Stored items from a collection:
════════════════
(* Let $n_r,n_q\ge 1$ and $N\ge 1$ be integers, let $M_r\in\mathbb{R}^{n_r\times n_r}$ and $M_q\in\mathbb{R}^{n_q\times n_q}$ be symmetric positive definite, let $G_r\in\mathbb{R}^{n_q\times n_r}$ be arbitrary (possibly singular), and let $\gamma_r\in\mathbb{R}^{n_r\times n_r}$, $\gamma_q\in\mathbb{R}^{n_q\times n_q}$ be stiffness coefficients (in particular, positive scalars). Let $r^{\mathrm{in}},s^{\mathrm{in}}\in\mathbb{R}^{n_r}$ and $q^{\mathrm{in}}_1,\dots,q^{\mathrm{in}}_N\in\mathbb{R}^{n_q}$. Suppose $(r(t),Q_1(t),\dots,Q_N(t))$ solves the ODE system $$\Big(M_r+\sum_{i=1}^N G_r^T M_q G_r\Big)\ddot r=-\gamma_r r+\sum_{i=1}^N G_r^T\gamma_q Q_i,\qquad \dot Q_j=-G_r\dot r\quad(j=1,\dots,N),$$ with $r(0)=r^{\mathrm{in}}$, $\dot r(0)=s^{\mathrm{in}}$, $Q_j(0)=q^{\mathrm{in}}_j$. Define $\mu^t:=\frac1N\sum_{j=1}^N\delta_{Q_j(t)}$. Then $(r(t),\mu^t)$ is a solution of the linear partially kinetic system (defined in the context) with $N_{\mathrm{real}}:=N$, initial conditions $r(0)=r^{\mathrm{in}}$, $\dot r(0)=s^{\mathrm{in}}$, and initial measure $\mu^{\mathrm{in}}=\frac1N\sum_{j=1}^N\delta_{q^{\mathrm{in}}_j}$.
   Context: $\delta_x$ denotes the Dirac measure at $x$. $\mathcal P^1(\mathbb{R}^{n_q})$ is the set of Borel probability measures on $\mathbb{R}^{n_q}$ with finite first moment. For a measurable map $\varphi:\mathbb{R}^{n_q}\to\mathbb{R}^{n_q}$ and a measure $\mu$, the pushforward is $\varphi\#\mu(A):=\mu(\varphi^{-1}(A))$ for Borel sets $A$. Linear partially kinetic system: with $n_r,n_q,M_r,M_q,G_r,\gamma_r,\gamma_q$ as in the claim, a constant $N_{\mathrm{real}}>0$, initial data $r^{\mathrm{in}},s^{\mathrm{in}}\in\mathbb{R}^{n_r}$ and $\mu^{\mathrm{in}}\in\mathcal P^1(\mathbb{R}^{n_q})$, a solution consists of a twice differentiable $r:[0,\infty)\to\mathbb{R}^{n_r}$, a characteristic flow $Q:[0,\infty)\times\mathbb{R}^{n_q}\to\mathbb{R}^{n_q}$ differentiable in $t$, and measures $\mu^t$ such that $$\Big(M_r+N_{\mathrm{real}}\int_{\mathbb{R}^{n_q}}G_r^TM_qG_r\,d\mu^t(q)\Big)\ddot r(t)=-\gamma_r r(t)+N_{\mathrm{real}}G_r^T\gamma_q\int_{\mathbb{R}^{n_q}}q\,d\mu^t(q),$$ $$\partial_t Q(t,q^{\mathrm{in}})=-G_r\dot r(t),\quad Q(0,q^{\mathrm{in}})=q^{\mathrm{in}}\ \text{for all }q^{\mathrm{in}}\in\mathbb{R}^{n_q},\qquad \mu^t=Q(t,\cdot)\#\mu^{\mathrm{in}},$$ with $r(0)=r^{\mathrm{in}}$, $\dot r(0)=s^{\mathrm{in}}$. *)

From HB Require Import structures.
From mathcomp Require Import all_boot all_order all_algebra.
From mathcomp Require Import all_classical all_reals all_analysis.

Set Implicit Arguments.
Unset Strict Implicit.
Unset Printing Implicit Defensive.
Import Order.TTheory GRing.Theory Num.Theory.
Import numFieldNormedType.Exports.

Local Open Scope classical_set_scope.
Local Open Scope ring_scope.

(* R^n as column vectors, equipped with the Borel sigma-algebra
   (the sigma-algebra generated by the open sets of 'cV[R]_n). *)
Definition vec (R : realType) (n : nat) := g_sigma_algebraType (@open 'cV[R]_n).

(* Derivative on the time half-line [0, oo): for every t >= 0,
   the difference quotient (f (t+h) - f t)/h converges to f' t as h -> 0,
   h <> 0, t + h >= 0 (one-sided at t = 0, ordinary derivative for t > 0). *)
Definition deriv_on_nonneg (R : realType) (V : normedModType R)
  (f f' : R -> V) : Prop :=
  forall t : R, 0 <= t ->
    (fun h : R => h^-1 *: (f (t + h) - f t)) @
      (within (fun h : R => 0 <= t + h) 0^') --> f' t.

Definition mx_integral (R : realType) (n m k : nat)
  (mu : set (vec R n) -> \bar R) (F : vec R n -> 'M[R]_(m, k)) : 'M[R]_(m, k) :=
  \matrix_(i, j) fine (\int[mu]_q (F q i j)%:E)%E.

(* Borel probability measures on R^n with finite first moment: P^1(R^n). *)
Definition is_P1 (R : realType) (n : nat) (mu : set (vec R n) -> \bar R) : Prop :=
  [/\ mu set0 = 0%E,
      (forall A, measurable A -> (0 <= mu A)%E),
      semi_sigma_additive mu,
      mu setT = 1%E &
      (\int[mu]_q (mx_norm (q : 'cV[R]_n))%:E < +oo)%E].

Definition empirical (R : realType) (n N : nat) (qs : 'I_N -> 'cV[R]_n) :
  set (vec R n) -> \bar R :=
  fun A => ((N%:R)^-1%:E * \sum_(j < N) \d_(qs j : vec R n) A)%E.

Definition lpk_solution (R : realType) (nr nq : nat)
  (Mr : 'M[R]_nr) (Mq : 'M[R]_nq) (Gr : 'M[R]_(nq, nr))
  (gamr : 'M[R]_nr) (gamq : 'M[R]_nq) (Nreal : R)
  (rin sin : 'cV[R]_nr) (muin : set (vec R nq) -> \bar R)
  (r : R -> 'cV[R]_nr) (mu : R -> set (vec R nq) -> \bar R) : Prop :=
  is_P1 muin /\
  exists (s a : R -> 'cV[R]_nr) (Q : R -> vec R nq -> vec R nq),
    [/\ deriv_on_nonneg r s /\ deriv_on_nonneg s a,
        r 0 = rin /\ s 0 = sin,
        (forall t, 0 <= t ->
           (Mr + Nreal *: mx_integral (mu t) (fun _ => Gr^T *m Mq *m Gr)) *m a t
           = - (gamr *m r t)
             + Nreal *: (Gr^T *m gamq *m mx_integral (mu t) (fun q => (q : 'cV[R]_nq)))),
        (forall q : vec R nq,
           deriv_on_nonneg (fun t => (Q t q : 'cV[R]_nq)) (fun t => - (Gr *m s t))
           /\ Q 0 q = q) &
        (forall t, 0 <= t -> mu t = pushforward muin (Q t))].

From HB Require Import structures.
From mathcomp Require Import all_boot all_order all_algebra.
From mathcomp Require Import all_classical all_reals all_analysis.
From mathcomp Require Import measurable_realfun lra.
Import Order.TTheory GRing.Theory Num.Theory.
Import numFieldNormedType.Exports.
Local Open Scope classical_set_scope.
Local Open Scope ring_scope.

(* All particles move with the same velocity -G_r r', so
   Q_j(t) = q_j^in - G_r (r(t) - r(0)): the difference of the two sides has
   zero derivative on [0, oo) and vanishes at 0.  Hence mu^t is the pushforward
   of mu^in under this common translation, which is the characteristic flow of
   the kinetic system.  Integrals against (1/N) sum_j delta_(q_j) are averages,
   so the N-fold sums in the particle equation for r are N times the
   mu^t-integrals. *)

Lemma mulmx_colE {R : comPzRingType} m n (A : 'M[R]_(m, n)) (x : 'cV[R]_n) :
  A *m x = \sum_(k < n) x k 0 *: col k A.
Proof.
apply/matrixP => i j; rewrite mxE summxE; apply: eq_bigr => k _.
by rewrite !mxE (ord1 j) mulrC.
Qed.

Lemma mulmx_continuous {R : realType} {m n : nat} (A : 'M[R]_(m, n)) :
  continuous (fun x : 'cV[R]_n => A *m x).
Proof.
have -> : (fun x => A *m x) = fun x => \sum_(k < n) x k 0 *: col k A.
  by apply/funext => x; exact: mulmx_colE.
apply: continuous_big => [|k _ x]; first exact: add_continuous.
apply: (@cvgZ R 'cV[R]_m _ (nbhs x) _ (fun y : 'cV[R]_n => y k 0) (fun _ => col k A)).
  exact: coord_continuous.
exact: cvg_cst.
Qed.

Section deriv_on_nonneg.
Context {R : realType}.

Lemma is_derive_quotient {V : normedModType R} (f : R -> V) x l :
  (fun h => h^-1 *: (f (x + h) - f x)) @ 0^' --> l -> is_derive x 1 f l.
Proof.
move=> fl.
have qE : (fun h : R => h^-1 *: ((f \o shift x) (h *: 1) - f x)) =
          (fun h => h^-1 *: (f (x + h) - f x)).
  by apply/funext => h /=; rewrite -[h%:A]/(h * 1) mulr1 (addrC h x).
apply: DeriveDef; first by rewrite /derivable qE; apply/cvg_ex; exists l.
by rewrite /derive qE; exact: cvg_lim.
Qed.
════════════════
WHAT NEEDS TO BE DONE -> Every line above that holds the string "muin" should be copied out.

REPLY TO THE TASK ->
  (rin sin : 'cV[R]_nr) (muin : set (vec R nq) -> \bar R)
  is_P1 muin /\
        (forall t, 0 <= t -> mu t = pushforward muin (Q t))].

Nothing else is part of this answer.